Datasets API

Upload and manage evaluation datasets for warm-starting campaigns.

Apr 1, 20266 min read
api
datasets
data
upload

Datasets API

The Datasets API allows you to upload historical evaluation data that can be used to warm-start optimization campaigns. Instead of starting from scratch, the surrogate model can be pre-trained on existing data, accelerating convergence.

Upload a Dataset

POST /v1/datasets

Upload a CSV file with parameter columns and objective columns:

bash
curl -X POST https://api.matcraft.ai/api/v1/datasets \
  -H "Authorization: Bearer mc_live_abc123" \
  -F "file=@historical_data.csv" \
  -F "name=lab-experiments-2025" \
  -F "description=Historical membrane experiments from Lab 3"

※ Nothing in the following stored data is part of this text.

(* Let $D$ be a strongly connected digraph, $T$ a DFS tree of $D$ rooted at $r$ of length $t\ge 1$ with levels $V_0,\ldots,V_t$, and let $G^D$ be the backward spine of $D$ relative to $T$. If $c'$ is a proper coloring of $G^D$ with $\chi(G^D)$ colors, then the map $c$ on $V(D)$ defined by $c(v)=c'(V_i)$ for $v\in V_i$ is an acyclic coloring of $D$. In particular, $\chi_A(D)\le\chi(G^D)$.
   Context: Digraphs are finite and loopless; paths and cycles are directed; $l(\cdot)$ denotes length. A DFS tree $T$ of a strongly connected digraph $D$ rooted at $r$ is the spanning out-branching produced by a depth-first search started at $r$. $P_u$ is the unique $ru$-path in $T$; the length $t$ of $T$ is the length of a longest path in $T$; the levels are $V_i=\{u: l(P_u)=i\}$, $0\le i\le t$. A vertex $u$ is a descendant of $v$ if $T$ has a $vu$-path; an arc $(u,v)$ is a backward arc if $u$ is a descendant of $v$. The backward spine $G^D$ is the undirected graph with vertex set $\{V_0,\ldots,V_t\}$ in which, for $i>j$, $V_iV_j$ is an edge iff there is a backward arc $(u,v)$ with $u\in V_i$, $v\in V_j$. An acyclic coloring is a coloring whose color classes induce no directed cycle; $\chi_A$ is the minimum number of colors in such a coloring. *)

From Stdlib Require Import Relations.
From mathcomp Require Import all_boot.
Set Implicit Arguments. Unset Strict Implicit. Unset Printing Implicit Defensive.

Definition loopless (V : finType) (e : rel V) := irreflexive e.
Definition strongly_connected (V : finType) (e : rel V) := forall u v, connect e u v.

(* Depth-first search, modeled operationally: a state is
   (stack (top first), visited set, set of tree arcs). *)
Definition dfs_state (V : finType) := (seq V * {set V} * {set V * V})%type.

Inductive dfs_step (V : finType) (e : rel V) : dfs_state V -> dfs_state V -> Prop :=
| dfs_discover u s (vis : {set V}) (A : {set V * V}) w :
    e u w -> w \notin vis ->
    dfs_step e (u :: s, vis, A) (w :: u :: s, w |: vis, (u, w) |: A)
| dfs_retreat u s (vis : {set V}) (A : {set V * V}) :
    (forall w, e u w -> w \in vis) ->
    dfs_step e (u :: s, vis, A) (s, vis, A).

Definition dfs_tree (V : finType) (e : rel V) (r : V) (T : {set V * V}) :=
  exists vis : {set V}, clos_refl_trans _ (@dfs_step V e)
                ([:: r], [set r], set0) ([::], vis, T).

Definition tarc (V : finType) (T : {set V * V}) : rel V := fun x y => (x, y) \in T.

Definition tree_length (V : finType) (T : {set V * V}) (t : nat) :=
  (exists x (p : seq V), path (tarc T) x p /\ size p = t) /\
  (forall x (p : seq V), path (tarc T) x p -> size p <= t).

Definition in_level (V : finType) (T : {set V * V}) (r : V) (i : nat) (u : V) :=
  exists p : seq V, path (tarc T) r p /\ last r p = u /\ size p = i.

Definition descendant (V : finType) (T : {set V * V}) (u v : V) :=
  connect (tarc T) v u.

Definition backward_arc (V : finType) (e : rel V) (T : {set V * V}) (u v : V) :=
  e u v /\ descendant T u v.

Definition backward_spine (V : finType) (e : rel V) (T : {set V * V}) (r : V)
  (t : nat) (i j : 'I_t.+1) : Prop :=
  exists u v, backward_arc e T u v /\
    ((j < i /\ in_level T r i u /\ in_level T r j v) \/
     (i < j /\ in_level T r j u /\ in_level T r i v)).

Definition proper_coloring (I : finType) (E : I -> I -> Prop) (k : nat)
  (c : I -> 'I_k) := forall i j, E i j -> c i <> c j.

Definition chromatic_number (I : finType) (E : I -> I -> Prop) (k : nat) :=
  (exists c : I -> 'I_k, proper_coloring E c) /\
  (forall m, m < k -> ~ exists c : I -> 'I_m, proper_coloring E c).

Definition dcycle (V : finType) (e : rel V) (s : seq V) :=
  s <> [::] /\ uniq s /\ cycle e s.

Definition acyclic_coloring (V : finType) (e : rel V) (k : nat) (c : V -> 'I_k) :=
  forall s : seq V, dcycle e s -> ~ (forall x y, x \in s -> y \in s -> c x = c y).

Definition acyclic_chromatic_number (V : finType) (e : rel V) (k : nat) :=
  (exists c : V -> 'I_k, acyclic_coloring e c) /\
  (forall m, m < k -> ~ exists c : V -> 'I_m, acyclic_coloring e c).

Arguments backward_spine {V} e T r t i j.

(* Listing the vertices in decreasing order of DFS finishing time, every arc
   (x, y) is either backward (x is a descendant of y in T) or goes forward in
   the list.  A backward arc leaves a strictly deeper level (D is loopless) for
   a shallower one, i.e. it yields an edge of the backward spine, so its ends
   get different colours under c.  Hence the arcs inside a colour class all go
   forward in the list, and no colour class contains a directed cycle. *)

From Stdlib Require Import Relations.
From mathcomp Require Import all_boot.
Set Implicit Arguments. Unset Strict Implicit. Unset Printing Implicit Defensive.

Lemma acyclic_coloring_rank (V : finType) (e : rel V) (k : nat)
    (c : V -> 'I_k) (rank : V -> nat) :
  (forall x y, e x y -> c x = c y -> rank x < rank y) -> acyclic_coloring e c.
Proof.
move=> mono_rank s [s_ne [_]].
case: s s_ne => [//|x0 s] _ cyc monochrome.
have ltr_trans : transitive (fun a b => rank a < rank b).
  by move=> b a d; exact: ltn_trans.
have rank_path : path (fun a b => rank a < rank b) x0 (rcons s x0).
  apply: (@sub_in_path _ (mem (x0 :: s)) e) cyc; last first.
    by apply/allP => z; rewrite in_cons mem_rcons in_cons orbA orbb -in_cons.
  move=> a b a_s b_s /mono_rank; apply.
  by rewrite (monochrome a x0 a_s (mem_head _ _)) (monochrome b x0 b_s (mem_head _ _)).
move/allP/(_ x0): (order_path_min ltr_trans rank_path).
by rewrite mem_rcons mem_head ltnn => /(_ isT).
Qed.

Lemma acyclic_chromatic_number_le (V : finType) (e : rel V) (k kA : nat)
    (c : V -> 'I_k) :
  acyclic_coloring e c -> acyclic_chromatic_number e kA -> kA <= k.
Proof.
move=> c_acyclic [_ kA_min]; rewrite leqNgt; apply/negP => lt_k.
by apply: (kA_min k lt_k); exists c.
Qed.

Lemma connect_tarc_subset (V : finType) (A B : {set V * V}) x y :
  A \subset B -> connect (tarc A) x y -> connect (tarc B) x y.
Proof.
move=> sAB; apply: connect_sub => a b ab; apply: connect1.
by rewrite /tarc (subsetP sAB).
Qed.

Section DepthFirstSearch.

Variables (V : finType) (e : rel V) (r : V).
Hypothesis e_irr : irreflexive e.

(* F lists the vertices already popped from the stack, the most recently
   popped first. *)
Definition dfs_invariant (st : dfs_state V) : Prop :=
  let: (stk, vis, A) := st in
  exists F : seq V,
  [/\ uniq (stk ++ F), vis =i stk ++ F, sorted (descendant A) stk,
      r \in vis & {in vis, forall x, connect (tarc A) r x}] /\
  {in F, forall x y, e x y ->
     [/\ y \in vis & descendant A x y \/ (y \in F /\ index x F < index y F)]}.

Lemma dfs_invariant0 : dfs_invariant ([:: r], [set r], set0).
Proof.
exists [::]; split=> //; split=> //.
- by move=> x; rewrite in_set1 in_cons orbF.
- by rewrite in_set1.
- by move=> x; rewrite in_set1 => /eqP ->.
Qed.

Lemma dfs_discover_invariant u s (vis : {set V}) (A : {set V * V}) w :
  e u w -> w \notin vis -> dfs_invariant (u :: s, vis, A) ->
  dfs_invariant (w :: u :: s, w |: vis, (u, w) |: A).
Proof.
move=> euw w_vis [F [[Fu Fvis Fsort r_vis Freach] Farcs]].
have grow x y : connect (tarc A) x y -> connect (tarc ((u, w) |: A)) x y.
  exact/connect_tarc_subset/subsetUr.
have wu : descendant ((u, w) |: A) w u by apply: connect1; rewrite /tarc setU11.
have u_vis : u \in vis by rewrite Fvis mem_head.
exists F; split; [split|].
- by rewrite cat_cons cons_uniq -Fvis w_vis.
- by move=> x; rewrite in_setU1 Fvis.
- by rewrite /= wu; apply: sub_path Fsort => a b /grow.
- by rewrite in_setU1 r_vis orbT.
- move=> x; rewrite in_setU1 => /predU1P [->|/Freach/grow //].
  exact: connect_trans (grow _ _ (Freach u u_vis)) wu.
- move=> x x_F y exy; have [y_vis back_fwd] := Farcs x x_F y exy.
  split; first by rewrite in_setU1 y_vis orbT.
  by case: back_fwd => [/grow|]; [left|right].
Qed.

Lemma dfs_retreat_invariant u s (vis : {set V}) (A : {set V * V}) :
  (forall w, e u w -> w \in vis) -> dfs_invariant (u :: s, vis, A) ->
  dfs_invariant (s, vis, A).
Proof.
move=> u_done [F [[Fu Fvis Fsort r_vis Freach] Farcs]].
have perm_u : perm_eq (u :: s ++ F) (s ++ u :: F) by rewrite -cat1s perm_catCA.
have u_F : u \notin F.
  by move: Fu; rewrite cat_cons cons_uniq mem_cat negb_or => /andP [/andP [_ ->]].
have u_neq z : z \in F -> (u == z) = false.
  by move=> z_F; apply/negbTE; apply: contraNneq u_F => ->.
have descendant_trans : transitive (descendant A).
  by move=> b a d ab bd; exact: connect_trans bd ab.
exists (u :: F); split; [split|] => //.
- by rewrite -(perm_uniq perm_u).
- by move=> x; rewrite Fvis (perm_mem perm_u).
- exact: path_sorted Fsort.
move=> x; rewrite in_cons => /predU1P [-> {x}|x_F] y exy.
- split; first exact: u_done.
  have := u_done y exy; rewrite Fvis in_cons mem_cat => /or3P [/eqP yu|y_s|y_F].
  + by rewrite yu e_irr in exy.
  + by left; move/allP/(_ y y_s): (order_path_min descendant_trans Fsort).
  + right; rewrite in_cons y_F orbT /index /=.
    by rewrite eqxx u_neq.
- have [y_vis [back|[y_F lt_xy]]] := Farcs x x_F y exy; split=> //; first by left.
  right; rewrite in_cons y_F orbT /index /=.
  by rewrite !u_neq.
Qed.

Lemma dfs_run_invariant st st' :
  clos_refl_trans _ (@dfs_step V e) st st' -> dfs_invariant st -> dfs_invariant st'.
Proof.
elim=> {st st'} [_ _ []|//|st st' st'' _ IH _ IH' /IH/IH' //].
- exact: dfs_discover_invariant.
- exact: dfs_retreat_invariant.
Qed.

Lemma dfs_tree_order (T : {set V * V}) :
  strongly_connected e -> dfs_tree e r T ->
  (forall x, connect (tarc T) r x) /\
  exists F : seq V, forall x y, e x y -> descendant T x y \/ index x F < index y F.
Proof.
move=> strong [vis run].
have [F [[_ Fvis _ r_vis Freach] Farcs]] := dfs_run_invariant run dfs_invariant0.
have all_F x : x \in F.
  have /connectP [p p_e ->] := strong r x.
  elim: p r r_vis p_e => [|y p IH] a a_vis /= => [|/andP [ay p_e]].
    by rewrite -[F]/([::] ++ F) -Fvis.
  by apply: IH p_e; have [] := Farcs a _ y ay; rewrite -?Fvis.
split=> [x|]; first by apply: Freach; rewrite Fvis.
exists F => x y /(Farcs x (all_F x)) [_ [|[]]]; by [left|right].
Qed.

End DepthFirstSearch.

Section BackwardSpine.

Variables (V : finType) (e : rel V) (r : V) (T : {set V * V}) (t : nat).
Hypotheses (e_irr : irreflexive e) (T_length : tree_length T t).

Lemma backward_arc_spine_edge x y :
  connect (tarc T) r y -> backward_arc e T x y ->
  exists i j : 'I_t.+1,
    [/\ backward_spine e T r t i j, in_level T r i x & in_level T r j y].
Proof.
move=> /connectP [p p_T y_p] [exy /connectP [q q_T x_q]].
have q_ne : 0 < size q by case: q q_T x_q => [|z q] //= _ xy; rewrite xy e_irr in exy.
have pq_T : path (tarc T) r (p ++ q) by rewrite cat_path p_T -y_p q_T.
have [_ longest] := T_length.
have lt_i : size (p ++ q) < t.+1 by rewrite ltnS; exact: longest pq_T.
have lt_j : size p < t.+1 by rewrite ltnS; exact: longest p_T.
have x_lvl : in_level T r (Ordinal lt_i) x by exists (p ++ q); rewrite last_cat -y_p.
have y_lvl : in_level T r (Ordinal lt_j) y by exists p.
exists (Ordinal lt_i), (Ordinal lt_j); split=> //.
exists x, y; split; first by split=> //; apply/connectP; exists q.
by left; split=> //=; rewrite size_cat -[X in X < _]addn0 ltn_add2l.
Qed.

Lemma spine_coloring_not_backward k (c' : 'I_t.+1 -> 'I_k) (c : V -> 'I_k) x y :
  proper_coloring (backward_spine e T r t) c' ->
  (forall v (i : 'I_t.+1), in_level T r i v -> c v = c' i) ->
  connect (tarc T) r y -> e x y -> c x = c y -> ~ descendant T x y.
Proof.
move=> c'_proper c_levels r_y exy cxy y_x.
have [i [j [ij x_i y_j]]] := backward_arc_spine_edge r_y (conj exy y_x).
by apply: (c'_proper i j ij); rewrite -(c_levels x i x_i) -(c_levels y j y_j).
Qed.

End BackwardSpine.

Theorem mainTheorem9 (V : finType) (e : rel V) (r : V) (T : {set V * V})
  (t k : nat) (c' : 'I_t.+1 -> 'I_k) (c : V -> 'I_k) :
  loopless e -> strongly_connected e -> dfs_tree e r T ->
  tree_length T t -> 1 <= t ->
  chromatic_number (backward_spine e T r t) k ->
  proper_coloring (backward_spine e T r t) c' ->
  (forall (v : V) (i : 'I_t.+1), in_level T r i v -> c v = c' i) ->
  acyclic_coloring e c /\
  (forall kA, acyclic_chromatic_number e kA -> kA <= k).
Proof.
move=> e_irr strong dfs T_length _ _ c'_proper c_levels.
have [reach [F arcs]] := dfs_tree_order e_irr strong dfs.
have c_acyclic : acyclic_coloring e c.
  apply: (acyclic_coloring_rank (rank := index^~ F)) => x y exy cxy.
  have [y_x|//] := arcs x y exy.
  by case: (spine_coloring_not_backward e_irr T_length c'_proper c_levels
               (reach y) exy cxy).
by split=> // kA; apply: acyclic_chromatic_number_le c_acyclic.
Qed.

The CSV must have a header row matching parameter and objective names from your MDL file:

csv
polymer_concentration,crosslinker_ratio,pore_size_nm,permeability,salt_rejection
0.15,0.05,10.2,25.3,96.1
0.22,0.08,5.1,14.7,98.5
0.18,0.03,15.8,32.1,93.2

Response (201 Created):

json
{
  "data": {
    "id": "ds_def456",
    "name": "lab-experiments-2025",
    "description": "Historical membrane experiments from Lab 3",
    "rows": 150,
    "columns": ["polymer_concentration", "crosslinker_ratio", "pore_size_nm", "permeability", "salt_rejection"],
    "created_at": "2026-04-01T10:00:00Z",
    "size_bytes": 12480
  }
}

List Datasets

GET /v1/datasets
bash
curl https://api.matcraft.ai/api/v1/datasets \
  -H "Authorization: Bearer mc_live_abc123"

Get Dataset Details

GET /v1/datasets/{dataset_id}

Returns metadata and a preview of the first 10 rows.

Download a Dataset

GET /v1/datasets/{dataset_id}/download

Returns the dataset as a CSV file download.

Delete a Dataset

DELETE /v1/datasets/{dataset_id}

Permanently removes the dataset. Campaigns that were warm-started with this dataset are unaffected — the data has already been copied into their evaluation history.

Warm-Starting a Campaign

Use a dataset to warm-start a new campaign by referencing it at creation time:

bash
curl -X POST https://api.matcraft.ai/api/v1/campaigns \
  -H "Authorization: Bearer mc_live_abc123" \
  -H "Content-Type: application/json" \
  -d '{
    "name": "membrane-v3-warmstart",
    "domain": "water",
    "dataset_id": "ds_def456",
    "mdl": { ... }
  }'

When the campaign starts, the dataset rows are treated as already-evaluated candidates. The surrogate is trained on this data before the first acquisition step, effectively skipping the initial LHS sampling phase.

Data Validation

When uploading a dataset, the API validates:

  • Column matching: All parameter and objective columns from the linked MDL must be present.
  • Type checking: Values must be parseable as the declared parameter types.
  • Bounds checking: Parameter values should fall within declared bounds (violations produce warnings, not errors).
  • Missing values: Rows with NaN or empty objective values are flagged and excluded from training.

Supported Formats

| Format | MIME Type | Notes | |————|—————-|———-| | CSV | text/csv | Comma-separated, UTF-8 encoded | | JSON | application/json | Array of objects | | Parquet | application/parquet | Efficient for large datasets |

Size Limits

| Plan | Max file size | Max rows | |———|———————|—————| | Free | 10 MB | 10,000 | | Pro | 100 MB | 100,000 | | Enterprise | 1 GB | 1,000,000 |